*** Block opens ***

Lemma over_local_isometry_lift n (v : cell A 0) (e : 'I_n -> cell A 1)
    (c : cell Y n) :
  (forall i, src (e i) = v) -> (forall i, fn gA (e i) = act (cedge i) c) ->
  base c = fn gA v ->
  exists x : cell W n, [/\ base x = fn a v, fn gW x = c &
                          forall i, act (cedge i) x = fn a (e i)].
Proof.
move=> hsrc hge hbc; case: hli => inj lift.
have [x [hbx hx]] : exists x : cell W n, base x = fn a v /\ fn gW x = c.
  apply: lift; first by rewrite hbc -(ha v).
  move=> i; exists (fn a (e i)); split; first by rewrite -fn_src hsrc.
  by move: (ha (e i)) => /= ->; apply: hge.
exists x; split=> // i; apply: inj.
  change (src (act (cedge i) x) = src (fn a (e i))).
  by rewrite src_cedge hbx -fn_src hsrc.
by rewrite fn_cedge hx; move: (ha (e i)) => /= ->; rewrite hge.
Qed.

End OverLocalIsometry.

Definition coequalizes (A B : CubeCx) (phi : cmap A B) n (x1 x2 : cell A n) : Prop :=
  forall (W : CubeCx) (psi : cmap A W), fn psi x1 = fn psi x2 ->
    exists u : cmap B W, ceq (ccomp u phi) psi /\
      forall u' : cmap B W, ceq (ccomp u' phi) psi -> ceq u' u.

Definition attaches (A B : CubeCx) (phi : cmap A B) n (e : 'I_n -> cell A 1)
    (d : cell B n) : Prop :=
  forall (W : CubeCx) (psi : cmap A W) (w : cell W n),
    (forall i, act (cedge i) w = fn psi (e i)) ->
    exists u : cmap B W, (ceq (ccomp u phi) psi /\ fn u d = w) /\
      forall u' : cmap B W, ceq (ccomp u' phi) psi -> fn u' d = w -> ceq u' u.

Lemma coequalizes_uniq (A B W : CubeCx) (phi : cmap A B) n (x1 x2 : cell A n)
    (psi : cmap A W) (u1 u2 : cmap B W) :
  coequalizes phi x1 x2 -> fn psi x1 = fn psi x2 ->
  ceq (ccomp u1 phi) psi -> ceq (ccomp u2 phi) psi -> ceq u1 u2.
Proof.
move=> U hpsi h1 h2; have [u [_ uniq]] := U W psi hpsi.
exact: ceq_trans (uniq u1 h1) (ceq_sym (uniq u2 h2)).
Qed.

Lemma attaches_uniq (A B W : CubeCx) (phi : cmap A B) n (e : 'I_n -> cell A 1)
    (d : cell B n) (psi : cmap A W) (w : cell W n) (u1 u2 : cmap B W) :
  attaches phi e d -> (forall i, act (cedge i) w = fn psi (e i)) ->
  ceq (ccomp u1 phi) psi -> fn u1 d = w ->
  ceq (ccomp u2 phi) psi -> fn u2 d = w -> ceq u1 u2.
Proof.
move=> U hw h1 h1d h2 h2d; have [u [_ uniq]] := U W psi w hw.
exact: ceq_trans (uniq u1 h1 h1d) (ceq_sym (uniq u2 h2 h2d)).
Qed.

Lemma coequalizes_epi (A B W : CubeCx) (phi : cmap A B) n (x1 x2 : cell A n)
    (u1 u2 : cmap B W) :
  coequalizes phi x1 x2 -> fn phi x1 = fn phi x2 ->
  ceq (ccomp u1 phi) (ccomp u2 phi) -> ceq u1 u2.
Proof.
move=> U hphi h; apply: (coequalizes_uniq (psi := ccomp u2 phi) U) => //=.
by rewrite hphi.
Qed.

Lemma attaches_epi (Y W A B : CubeCx) (gW : cmap W Y) (phi : cmap A B) n
    (e : 'I_n.+1 -> cell A 1) (d : cell B n.+1) (u1 u2 : cmap B W) :
  local_isometry gW -> (forall i, act (cedge i) d = fn phi (e i)) ->
  attaches phi e d -> ceq (ccomp u1 phi) (ccomp u2 phi) ->
  ceq (ccomp gW u1) (ccomp gW u2) -> ceq u1 u2.
Proof.
move=> [inj _] hde U h hg.
have hd : fn u1 d = fn u2 d.
  apply: inj; last exact: hg.
  by rewrite -!fn_base -(src_cedge d ord0) hde -fn_src; apply: h.
apply: (attaches_uniq (psi := ccomp u2 phi) (w := fn u2 d) U) => //.
by move=> i; rewrite -fn_cedge hde.
Qed.

Section Moves.

Variables (Y W A B : CubeCx) (gW : cmap W Y) (gA : cmap A Y) (gB : cmap B Y)
  (phi : cmap A B).
Hypothesis hover : ceq gA (ccomp gB phi).

Lemma iso_extends (a : cmap A W) :
  is_iso phi -> ceq (ccomp gW a) gA ->
  exists b : cmap B W, ceq (ccomp b phi) a /\ ceq (ccomp gW b) gB.
Proof.
move=> [k [hkphi hphik]] ha; exists (ccomp a k); split=> n y /=.
  by move: (hkphi n y) => /= ->.
by move: (ha _ (fn k y)) (hover (fn k y)) (hphik n y) => /= -> -> ->.
Qed.

Lemma coequalizes_extends n (x1 x2 : cell A n) (a : cmap A W) :
  coequalizes phi x1 x2 -> fn gA x1 = fn gA x2 ->
  ceq (ccomp gW a) gA -> fn a x1 = fn a x2 ->
  exists b : cmap B W, ceq (ccomp b phi) a /\ ceq (ccomp gW b) gB.
Proof.
move=> U hg ha hx; have [b [hb _]] := U W a hx.
exists b; split=> //; apply: (coequalizes_uniq (psi := gA) U hg).
  exact: ceq_trans (ceq_ccompr gW hb) ha.
exact: ceq_sym.
Qed.

Lemma attaches_extends n (v : cell A 0) (e : 'I_n.+1 -> cell A 1)
    (c : cell Y n.+1) (d : cell B n.+1) (a : cmap A W) :
  local_isometry gW -> (forall i, src (e i) = v) ->
  (forall i, fn gA (e i) = act (cedge i) c) -> fn gB d = c ->
  attaches phi e d -> ceq (ccomp gW a) gA ->
  exists b : cmap B W, ceq (ccomp b phi) a /\ ceq (ccomp gW b) gB.
Proof.
move=> hli hsrc hge hgd U ha.
have hbc : base c = fn gA v by rewrite -(src_cedge c ord0) -hge -fn_src hsrc.
have [x [_ hx hxe]] := over_local_isometry_lift hli ha hsrc hge hbc.
have [b [[hb hbd] _]] := U W a x hxe.
exists b; split=> //.
apply: (attaches_uniq (psi := gA) (w := c) U) => //.
  exact: ceq_trans (ceq_ccompr gW hb) ha.
by rewrite /= hbd.
Qed.

Lemma iso_epi (u1 u2 : cmap B W) :
  is_iso phi -> ceq (ccomp u1 phi) (ccomp u2 phi) -> ceq u1 u2.
Proof.
move=> [k [_ hphik]] h n y.
by move: (hphik n y) (h n (fn k y)) => /= ->.
Qed.

End Moves.

Lemma step_extends (Y W A B : CubeCx) (gW : cmap W Y) (gA : cmap A Y)
    (gB : cmap B Y) (phi : cmap A B) (a : cmap A W) :
  npc Y -> local_isometry gW -> is_step gA gB phi -> ceq (ccomp gW a) gA ->
  exists b : cmap B W, ceq (ccomp b phi) a /\ ceq (ccomp gW b) gB.
Proof.
move=> [cell_eq _] hli [hover hmove] ha.
case: hmove => [hiso | [fold | [ident | attach]]].
- exact: (iso_extends hover hiso ha).
- have [e1 [e2 [_ [hs [hg [_ U]]]]]] := fold.
  exact: coequalizes_extends U hg ha (over_local_isometry_inj hli ha hs hg).
- have [n [c1 [c2 [_ [hskel [_ U]]]]]] := ident.
  have hb : base c1 = base c2 by apply: hskel; [|exact: is_face_vert0].
  have hg : fn gA c1 = fn gA c2.
    apply: cell_eq; first by rewrite -!fn_base hb.
    by move=> i; rewrite -!fn_cedge hskel //; exact: is_face_cedge.
  exact: coequalizes_extends U hg ha (over_local_isometry_inj hli ha hb hg).
- have [n [v [e [c [d [hsrc [_ [hge [_ [hgd U]]]]]]]]]] := attach.
  exact: attaches_extends hli hsrc hge hgd U ha.
Qed.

*** Block closes ***

§ WHAT TO DO
The expected output is exactly the lines of the listing above between the line holding "exact: ceq_sym." and the line holding "hli ha hb hg).", inclusive.

§ ANSWER BOX
exact: ceq_sym.
Qed.

Lemma attaches_extends n (v : cell A 0) (e : 'I_n.+1 -> cell A 1)
    (c : cell Y n.+1) (d : cell B n.+1) (a : cmap A W) :
  local_isometry gW -> (forall i, src (e i) = v) ->
  (forall i, fn gA (e i) = act (cedge i) c) -> fn gB d = c ->
  attaches phi e d -> ceq (ccomp gW a) gA ->
  exists b : cmap B W, ceq (ccomp b phi) a /\ ceq (ccomp gW b) gB.
Proof.
move=> hli hsrc hge hgd U ha.
have hbc : base c = fn gA v by rewrite -(src_cedge c ord0) -hge -fn_src hsrc.
have [x [_ hx hxe]] := over_local_isometry_lift hli ha hsrc hge hbc.
have [b [[hb hbd] _]] := U W a x hxe.
exists b; split=> //.
apply: (attaches_uniq (psi := gA) (w := c) U) => //.
  exact: ceq_trans (ceq_ccompr gW hb) ha.
by rewrite /= hbd.
Qed.

Lemma iso_epi (u1 u2 : cmap B W) :
  is_iso phi -> ceq (ccomp u1 phi) (ccomp u2 phi) -> ceq u1 u2.
Proof.
move=> [k [_ hphik]] h n y.
by move: (hphik n y) (h n (fn k y)) => /= ->.
Qed.

End Moves.

Lemma step_extends (Y W A B : CubeCx) (gW : cmap W Y) (gA : cmap A Y)
    (gB : cmap B Y) (phi : cmap A B) (a : cmap A W) :
  npc Y -> local_isometry gW -> is_step gA gB phi -> ceq (ccomp gW a) gA ->
  exists b : cmap B W, ceq (ccomp b phi) a /\ ceq (ccomp gW b) gB.
Proof.
move=> [cell_eq _] hli [hover hmove] ha.
case: hmove => [hiso | [fold | [ident | attach]]].
- exact: (iso_extends hover hiso ha).
- have [e1 [e2 [_ [hs [hg [_ U]]]]]] := fold.
  exact: coequalizes_extends U hg ha (over_local_isometry_inj hli ha hs hg).
- have [n [c1 [c2 [_ [hskel [_ U]]]]]] := ident.
  have hb : base c1 = base c2 by apply: hskel; [|exact: is_face_vert0].
  have hg : fn gA c1 = fn gA c2.
    apply: cell_eq; first by rewrite -!fn_base hb.
    by move=> i; rewrite -!fn_cedge hskel //; exact: is_face_cedge.
  exact: coequalizes_extends U hg ha (over_local_isometry_inj hli ha hb hg).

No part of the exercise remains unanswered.